**TASK INSTRUCTIONS**
Within the entries below, every line containing "Hall" is to be copied.

**SOURCE MATERIAL**
(* Let $\mathbf V$ be a monoid variety such that the one-letter word $t$ is an isoterm for $\mathbf V$ and $\mathbf V$ satisfies $xtx\approx xtx^2$. If $\mathbb M_\gamma(a^+t)\not\subseteq\mathbf V$, then $\mathbf V$ satisfies $xtxs\approx xtxsx$.
   Context: Words are elements of the free monoid $\mathfrak A^*$ over a countably infinite alphabet. A word $\mathbf w$ is an isoterm for $\mathbf V$ if $\mathbf V$ satisfies no identity $\mathbf w\approx\mathbf w'$ with $\mathbf w'\ne\mathbf w$. Let $\tau_1$ be the congruence on $\mathfrak A^*$ generated by $a=aa$ for all letters $a$; $\mathbf u\,\gamma\,\mathbf v$ iff $\mathbf u\,\tau_1\,\mathbf v$ and $\mathbf u,\mathbf v$ have the same set of letters occurring at least twice. For $\gamma$-classes write $\mathtt v\le\mathtt u$ iff $\mathtt u=\mathtt p\mathtt v\mathtt s$ in $\mathfrak A^*/\gamma$. For a set $\mathtt W$ of $\gamma$-classes, $M_\gamma(\mathtt W)$ is the Rees quotient of $\mathfrak A^*/\gamma$ by the ideal of classes not $\le$ any element of $\mathtt W$, and $\mathbb M_\gamma(\mathtt W)$ is the monoid variety it generates. Here $a^+t$ denotes the $\gamma$-class $\{a^kt:k\ge2\}$. *)

From mathcomp Require Import all_boot.
Set Implicit Arguments. Unset Strict Implicit. Unset Printing Implicit Defensive.

Definition word := seq nat.

Record monoid := Monoid {
  mcar :> Type;
  mop : mcar -> mcar -> mcar;
  munit : mcar;
  mopA : forall x y z, mop x (mop y z) = mop (mop x y) z;
  mop1l : forall x, mop munit x = x;
  mop1r : forall x, mop x munit = x }.

Definition meval (M : monoid) (f : nat -> M) (w : word) : M :=
  foldr (fun a acc => mop (f a) acc) (munit M) w.

Definition msat (M : monoid) (u v : word) : Prop :=
  forall f : nat -> M, meval f u = meval f v.

(* A monoid variety is presented by a set of identities Sigma (Birkhoff):
   V = class of all monoids satisfying Sigma. *)
Definition identities := word -> word -> Prop.

Definition in_variety (Sigma : identities) (M : monoid) : Prop :=
  forall u v, Sigma u v -> msat M u v.

Definition vsat (Sigma : identities) (u v : word) : Prop :=
  forall M : monoid, in_variety Sigma M -> msat M u v.

Definition isoterm (Sigma : identities) (w : word) : Prop :=
  forall w', vsat Sigma w w' -> w' = w.

Inductive tau1 : word -> word -> Prop :=
| tau1_step p a s : tau1 (p ++ a :: s) (p ++ a :: a :: s)
| tau1_refl u : tau1 u u
| tau1_sym u v : tau1 u v -> tau1 v u
| tau1_trans u v w : tau1 u v -> tau1 v w -> tau1 u w.

Definition gamma (u v : word) : Prop :=
  tau1 u v /\ (forall x : nat, (2 <= count_mem x u) = (2 <= count_mem x v)).

(* [v] <= [u] in A^*/gamma : [u] = [p][v][s] *)
Definition gle (v u : word) : Prop :=
  exists p s, gamma u (p ++ v ++ s).

(* M_gamma(W), W given by a list of representatives of gamma-classes.
   x lies in the ideal iff its class is not <= any element of W. *)
Definition in_ideal (W : seq word) (x : word) : Prop :=
  ~ (exists2 w, w \in W & gle x w).

(* equality of images in the Rees quotient M_gamma(W) *)
Definition rees_eq (W : seq word) (x y : word) : Prop :=
  gamma x y \/ (in_ideal W x /\ in_ideal W y).

Definition wsubst (sigma : nat -> word) (w : word) : word :=
  flatten (map sigma w).

(* M_gamma(W) satisfies u ~ v: since A^* ->> M_gamma(W) is a surjective
   monoid homomorphism, this holds iff all substitutions of words into u, v
   give elements equal in M_gamma(W). *)
Definition Mgamma_sat (W : seq word) (u v : word) : Prop :=
  forall sigma : nat -> word, rees_eq W (wsubst sigma u) (wsubst sigma v).

Definition Mgamma_in (W : seq word) (Sigma : identities) : Prop :=
  forall u v, Sigma u v -> Mgamma_sat W u v.

Definition let_a : nat := 0.
Definition let_t : nat := 1.
Definition let_x : nat := 0.
Definition let_s : nat := 2.

(* the gamma-class a^+ t = {a^k t : k >= 2}, represented by a a t *)
Definition aplus_t : seq word := [:: [:: let_a; let_a; let_t]].

(* Suppose V fails xtxs ~ xtxsx; we show that M_gamma(a^+t) lies in V.  If
   V satisfies p ~ q with p outside the ideal, then p = a^m or p = a^m t.
   Since t is an isoterm, each letter occurs in p and q equally often or at
   least twice in both, so q = a^k or q = a^i t a^j.  All cases give p gamma q
   except a^m t ~ a^i t a^j with j >= 1.  Modulo xtx ~ xtx^2 (hence
   x^2 ~ x^3) that identity becomes x^2 t ~ x^i t x^j with i + j >= 2.  For
   i = 0 it makes x^2 commute with everything; for i >= 1 it yields
   xtxs ~ xtxsx^j.  Either way xtxs ~ xtxsx follows. *)
From mathcomp Require Import all_boot.
From mathcomp Require Import zify.
From Stdlib Require Import Classical_Prop.
Set Implicit Arguments. Unset Strict Implicit. Unset Printing Implicit Defensive.

Definition occ_agree (m n : nat) : Prop := m = n \/ 2 <= m /\ 2 <= n.

Lemma meval_cat (M : monoid) (f : nat -> M) u v :
  meval f (u ++ v) = mop (meval f u) (meval f v).
Proof. by elim: u => [|a u IH] /=; rewrite ?mop1l // IH mopA. Qed.

Lemma meval_wsubst (M : monoid) (f : nat -> M) sigma u :
  meval f (wsubst sigma u) = meval (fun a => meval f (sigma a)) u.
Proof. by elim: u => [|a u IH] //=; rewrite /wsubst /= meval_cat -IH. Qed.

Lemma vsat_wsubst Sigma u v sigma :
  vsat Sigma u v -> vsat Sigma (wsubst sigma u) (wsubst sigma v).
Proof. by move=> Huv M HM f; rewrite !meval_wsubst (Huv M HM). Qed.

Lemma vsat_sym Sigma u v : vsat Sigma u v -> vsat Sigma v u.
Proof. by move=> Huv M HM f; rewrite (Huv M HM). Qed.

Lemma vsat_catl Sigma w u v : vsat Sigma u v -> vsat Sigma (w ++ u) (w ++ v).
Proof. by move=> Huv M HM f; rewrite !meval_cat (Huv M HM). Qed.

Definition mact (M : monoid) (f : nat -> M) (w : word) (C : M) : M :=
  foldr (fun a acc => mop (f a) acc) C w.

Lemma mact_meval (M : monoid) (f : nat -> M) w C : mact f w C = mop (meval f w) C.
Proof. by elim: w => [|a w IH] /=; rewrite ?mop1l // -mopA -IH. Qed.

Lemma vsat_mact Sigma u v (M : monoid) : vsat Sigma u v -> in_variety Sigma M ->
  forall f C, mact f u C = mact (M := M) f v C.
Proof. by move=> Huv HM f C; rewrite !mact_meval (Huv M HM). Qed.

Lemma mact_cat (M : monoid) (f : nat -> M) u v C :
  mact f (u ++ v) C = mact f u (mact f v C).
Proof. exact: foldr_cat. Qed.

Lemma mact_nseq (M : monoid) (f : nat -> M) n c C :
  mact f (nseq n c) C = iter n (mop (f c)) C.
Proof. by elim: n => //= n ->. Qed.

Section PowerIdentities.

Variables (M : monoid) (X : M).
Hypothesis xBx_xBxx : forall B C : M, mop X (mop B (mop X C)) = mop X (mop B (mop X (mop X C))).

Lemma XX_XXX (C : M) : mop X (mop X C) = mop X (mop X (mop X C)).
Proof. by have := xBx_xBxx (munit M) C; rewrite !mop1l. Qed.

Lemma iter_X_ge2 n (C : M) : 2 <= n -> iter n (mop X) C = mop X (mop X C).
Proof. by elim: n => [|[|[|n]] IH] // _; rewrite iterS IH // -XX_XXX. Qed.

Lemma xtxs_xtxsx_of_square_identity i j (T S : M) :
  (forall B C, mop X (mop X (mop B C)) = iter i (mop X) (mop B (iter j (mop X) C))) ->
  0 < j -> 2 <= i + j ->
  mop X (mop T (mop X (mop S (munit M)))) = mop X (mop T (mop X (mop S (mop X (munit M))))).
Proof.
move=> Hsq Hj Hij; case: i Hsq Hij => [|i] Hsq Hij.
  have XX_comm B C : mop X (mop X (mop B C)) = mop B (mop X (mop X C)).
    by rewrite Hsq /= iter_X_ge2.
  by rewrite xBx_xBxx XX_comm [RHS]xBx_xBxx XX_comm -XX_XXX.
have xtx_absorb B C : mop X (mop T (mop X (mop B C))) =
                      mop X (mop T (mop X (mop B (iter j (mop X) C)))).
  rewrite xBx_xBxx Hsq; case: i {Hsq Hij} => [|i] //.
  by rewrite iter_X_ge2 // -xBx_xBxx.
case: j Hj {Hij Hsq} xtx_absorb => [|[|j]] // _ xtx_absorb.
by rewrite xtx_absorb [RHS]xtx_absorb !iter_X_ge2 // -XX_XXX.
Qed.

Lemma xtxs_xtxsx_of_power_identity m i j (T S : M) :
  (forall B C, iter m (mop X) (mop B C) = iter i (mop X) (mop B (iter j (mop X) C))) ->
  0 < j -> occ_agree m (i + j) ->
  mop X (mop T (mop X (mop S (munit M)))) = mop X (mop T (mop X (mop S (mop X (munit M))))).
Proof.
move=> Hpow Hj Hm; case: m Hpow Hm => [|[|m]] Hpow Hm; first by case: Hm; lia.
- have [? ?] : i = 0 /\ j = 1 by case: Hm; lia.
  subst i j.
  apply: (@xtxs_xtxsx_of_square_identity 0 2) => // B C.
  by move: Hpow => /= Hpow; rewrite Hpow Hpow.
- apply: (@xtxs_xtxsx_of_square_identity i j) => [B C||]; rewrite -?Hpow ?iter_X_ge2 //.
  by case: Hm; lia.
Qed.

End PowerIdentities.

Lemma vsat_xtxs_xtxsx_of_power_identity Sigma m i j :
  vsat Sigma [:: let_x; let_t; let_x] [:: let_x; let_t; let_x; let_x] ->
  vsat Sigma (nseq m let_a ++ [:: let_t]) (nseq i let_a ++ let_t :: nseq j let_a) ->
  0 < j -> occ_agree m (i + j) ->
  vsat Sigma [:: let_x; let_t; let_x; let_s] [:: let_x; let_t; let_x; let_s; let_x].
Proof.
move=> Hxtx Hpow Hj Hm M HM f.
apply: (@xtxs_xtxsx_of_power_identity M (f let_x) _ m i j) Hj Hm => B C.
- exact: (vsat_mact Hxtx HM (fun c => if c == let_x then f let_x else B)).
- have := vsat_mact Hpow HM (fun c => if c == let_a then f let_x else B) C.
  by rewrite !mact_cat /= !mact_nseq.
Qed.

Lemma vsat_nseq_t Sigma i j : isoterm Sigma [:: let_t] ->
  vsat Sigma (nseq i let_t) (nseq j let_t) -> i <= 1 -> i = j.
Proof.
move=> Ht; case: i => [|[|i]] Hij // _.
- by have /(congr1 size) := Ht _ (vsat_catl [:: let_t] Hij); rewrite /= size_nseq => -[].
- by have /(congr1 size) := Ht _ Hij; rewrite size_nseq.
Qed.

Definition keep_only (c : nat) (a : nat) : word := if a == c then [:: let_t] else [::].

Lemma wsubst_keep_only c u : wsubst (keep_only c) u = nseq (count_mem c u) let_t.
Proof.
elim: u => [|a u IH] //=.
by rewrite /wsubst /= -/(wsubst _ u) IH /keep_only; case: (a == c).
Qed.

Lemma count_mem_vsat Sigma u v c : isoterm Sigma [:: let_t] -> vsat Sigma u v ->
  occ_agree (count_mem c u) (count_mem c v).
Proof.
move=> Ht /(vsat_wsubst (keep_only c)); rewrite !wsubst_keep_only => Huv.
have [Hu|Hu] := leqP (count_mem c u) 1; first by left; exact: vsat_nseq_t Huv Hu.
have [Hv|Hv] := leqP (count_mem c v) 1; last by right.
by left; apply/esym; exact: vsat_nseq_t (vsat_sym Huv) Hv.
Qed.

Lemma nseq_count_mem (q : word) c :
  (forall d, d != c -> count_mem d q = 0) -> q = nseq (count_mem c q) c.
Proof.
move=> Hq; have Hall : all (pred1 c) q.
  by apply/allP => d Hd /=; apply/negPn/negP => /Hq /count_memPn; rewrite Hd.
by move: (Hall); rewrite all_count => /eqP ->; exact/all_pred1P.
Qed.

Lemma single_t_shape (q : word) :
  (forall d, d != let_a -> d != let_t -> count_mem d q = 0) -> count_mem let_t q = 1 ->
  exists i j, q = nseq i let_a ++ let_t :: nseq j let_a.
Proof.
move=> Hq Ht.
have Hin : let_t \in q by rewrite -has_pred1 has_count Ht.
case/splitPr: Hin Hq Ht => q1 q2 Hq Ht.
have only_a d : d != let_a -> count_mem d q1 = 0 /\ count_mem d q2 = 0.
  move=> Hda; have [->|Hdt] := eqVneq d let_t; first by move: Ht; rewrite count_cat /=; lia.
  by move: (Hq d Hda Hdt); rewrite count_cat /= eq_sym (negbTE Hdt); lia.
exists (count_mem let_a q1), (count_mem let_a q2).
by rewrite -!nseq_count_mem // => d /only_a [].
Qed.

Lemma gamma_refl u : gamma u u.
Proof. by split; [apply: tau1_refl|]. Qed.

Lemma gamma_sym u v : gamma u v -> gamma v u.
Proof. by case=> Huv Hc; split; [apply: tau1_sym|move=> x; rewrite Hc]. Qed.

Lemma tau1_nseq a n s : tau1 (nseq n.+1 a ++ s) (a :: s).
Proof.
elim: n => [|n IH]; first exact: tau1_refl.
exact: tau1_trans (tau1_sym (tau1_step [::] a (nseq n a ++ s))) IH.
Qed.

Lemma gamma_nseq m k s : occ_agree m k -> gamma (nseq m let_a ++ s) (nseq k let_a ++ s).
Proof.
case=> [->|[]]; first exact: gamma_refl.
case: m => [|m] //; case: k => [|k] // Hm Hk; split.
  exact: tau1_trans (tau1_nseq _ _ _) (tau1_sym (tau1_nseq _ _ _)).
by move=> x; rewrite !count_cat !count_nseq /=; case: (let_a == x) => /=; lia.
Qed.

Lemma vsat_a_pow Sigma m q : isoterm Sigma [:: let_t] ->
  vsat Sigma (nseq m let_a) q -> gamma (nseq m let_a) q.
Proof.
move=> Ht Hpq; have Hc d := count_mem_vsat d Ht Hpq.
have Hq : q = nseq (count_mem let_a q) let_a.
  apply: nseq_count_mem => d Hd.
  by move: (Hc d); rewrite count_nseq /= eq_sym (negbTE Hd) => -[<-|[]].
have := Hc let_a; rewrite count_nseq /= mul1n => /(gamma_nseq [::]).
by rewrite !cats0 -Hq.
Qed.

Lemma vsat_a_pow_t Sigma m q : isoterm Sigma [:: let_t] ->
  vsat Sigma (nseq m let_a ++ [:: let_t]) q ->
  gamma (nseq m let_a ++ [:: let_t]) q \/
  exists i j, [/\ q = nseq i let_a ++ let_t :: nseq j let_a, 0 < j & occ_agree m (i + j)].
Proof.
move=> Ht Hpq; have Hc d := count_mem_vsat d Ht Hpq.
have [i [j Hq]] : exists i j, q = nseq i let_a ++ let_t :: nseq j let_a.
  apply: single_t_shape => [d Hda Hdt|].
    move: (Hc d); rewrite count_cat count_nseq /= ![_ == d]eq_sym.
    by rewrite (negbTE Hda) (negbTE Hdt) => -[<-|[]].
  by move: (Hc let_t); rewrite count_cat count_nseq /= => -[<-|[]].
have Hm : occ_agree m (i + j).
  by move: (Hc let_a); rewrite Hq !count_cat /= !count_nseq /= => -[?|[? ?]]; [left|right]; lia.
case: j Hq Hm => [|j] -> Hm; last by right; exists i, j.+1.
by left; apply: gamma_nseq; rewrite -[i]addn0.
Qed.

(* With let_a = 0 and let_t = 1, these are exactly the words in a^* t^*. *)
Definition sorted01 (w : word) : bool := sorted leq w && all (fun c => c <= 1) w.

Lemma tau1_sorted01 u v : tau1 u v -> sorted01 u = sorted01 v.
Proof.
elim=> [p a s|w|x y _ ->|x y z _ -> _ ->] //.
have Hsorted : sorted leq (p ++ a :: a :: s) = sorted leq (p ++ a :: s).
  by case: p => [|c p] /=; rewrite ?leqnn // !cat_path /= leqnn.
by rewrite /sorted01 Hsorted !all_cat /=; case: (a <= 1).
Qed.

Lemma sorted01_shape p : sorted01 p -> count_mem let_t p <= 1 ->
  exists m, p = nseq m let_a \/ p = nseq m let_a ++ [:: let_t].
Proof.
elim: p => [|c p IH]; first by exists 0; left.
case/andP=> /= Hs /andP[Hc Hall] Hcount.
case: c Hc Hs Hcount => [|[|c]] // _ Hs Hcount.
- have [||m Hm] := IH; rewrite ?/sorted01 ?(path_sorted Hs) //.
  by exists m.+1; case: Hm => ->; [left|right].
- exists 0; right; case: p Hs Hall Hcount {IH} => [|b p] //= /andP[Hb _] /andP[Hb1 _].
  by have -> : b = 1 by lia.
Qed.

Lemma gle_aat_shape p : gle p [:: let_a; let_a; let_t] ->
  exists m, p = nseq m let_a \/ p = nseq m let_a ++ [:: let_t].
Proof.
case=> [pre [suf [/tau1_sorted01 Hw Hc]]].
move: Hw (Hc let_t); rewrite /sorted01 /= => /esym/andP[Hs Hall] /esym/negbT.
rewrite -ltnNge !count_cat => Ht.
apply: sorted01_shape; last by rewrite ltnS in Ht; apply: leq_trans Ht; rewrite addnCA leq_addr.
rewrite /sorted01 (cat_sorted2 (cat_sorted2 Hs).2).1.
by move: Hall; rewrite !all_cat => /and3P[].
Qed.

Lemma gamma_of_vsat_below_aplus_t Sigma p q :
  isoterm Sigma [:: let_t] ->
  vsat Sigma [:: let_x; let_t; let_x] [:: let_x; let_t; let_x; let_x] ->
  ~ vsat Sigma [:: let_x; let_t; let_x; let_s] [:: let_x; let_t; let_x; let_s; let_x] ->
  vsat Sigma p q -> (exists2 w, w \in aplus_t & gle p w) -> gamma p q.
Proof.
move=> Ht Hxtx Hnot Hpq [w]; rewrite inE => /eqP -> /gle_aat_shape [m [Hp|Hp]]; subst p.
  exact: vsat_a_pow Ht Hpq.
case: (vsat_a_pow_t Ht Hpq) => // [[i [j [Hq Hj Hm]]]].
by case: Hnot; subst q; exact: vsat_xtxs_xtxsx_of_power_identity Hpq Hj Hm.
Qed.

Lemma Mgamma_in_aplus_t Sigma :
  isoterm Sigma [:: let_t] ->
  vsat Sigma [:: let_x; let_t; let_x] [:: let_x; let_t; let_x; let_x] ->
  ~ vsat Sigma [:: let_x; let_t; let_x; let_s] [:: let_x; let_t; let_x; let_s; let_x] ->
  Mgamma_in aplus_t Sigma.
Proof.
move=> Ht Hxtx Hnot u v Huv sigma.
have Hpq : vsat Sigma (wsubst sigma u) (wsubst sigma v).
  exact: vsat_wsubst (fun M HM => HM u v Huv).
have [Hp|Hp] := classic (exists2 w, w \in aplus_t & gle (wsubst sigma u) w).
  by left; exact: gamma_of_vsat_below_aplus_t Ht Hxtx Hnot Hpq Hp.
have [Hq|Hq] := classic (exists2 w, w \in aplus_t & gle (wsubst sigma v) w).
  by left; apply: gamma_sym; exact: gamma_of_vsat_below_aplus_t Ht Hxtx Hnot (vsat_sym Hpq) Hq.
by right.
Qed.

Theorem lemma4p1 (Sigma : identities) :
  isoterm Sigma [:: let_t] ->
  vsat Sigma [:: let_x; let_t; let_x] [:: let_x; let_t; let_x; let_x] ->
  ~ Mgamma_in aplus_t Sigma ->
  vsat Sigma [:: let_x; let_t; let_x; let_s] [:: let_x; let_t; let_x; let_s; let_x].
Proof.
move=> Ht Hxtx HnotM; apply: NNPP => Hnot; apply: HnotM.
exact: Mgamma_in_aplus_t.
Qed.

**COMPLETED EXERCISE**
move=> Hq; have Hall : all (pred1 c) q.
by move: (Hall); rewrite all_count => /eqP ->; exact/all_pred1P.
case/andP=> /= Hs /andP[Hc Hall] Hcount.
- exists 0; right; case: p Hs Hall Hcount {IH} => [|b p] //= /andP[Hb _] /andP[Hb1 _].
move: Hw (Hc let_t); rewrite /sorted01 /= => /esym/andP[Hs Hall] /esym/negbT.
by move: Hall; rewrite !all_cat => /and3P[].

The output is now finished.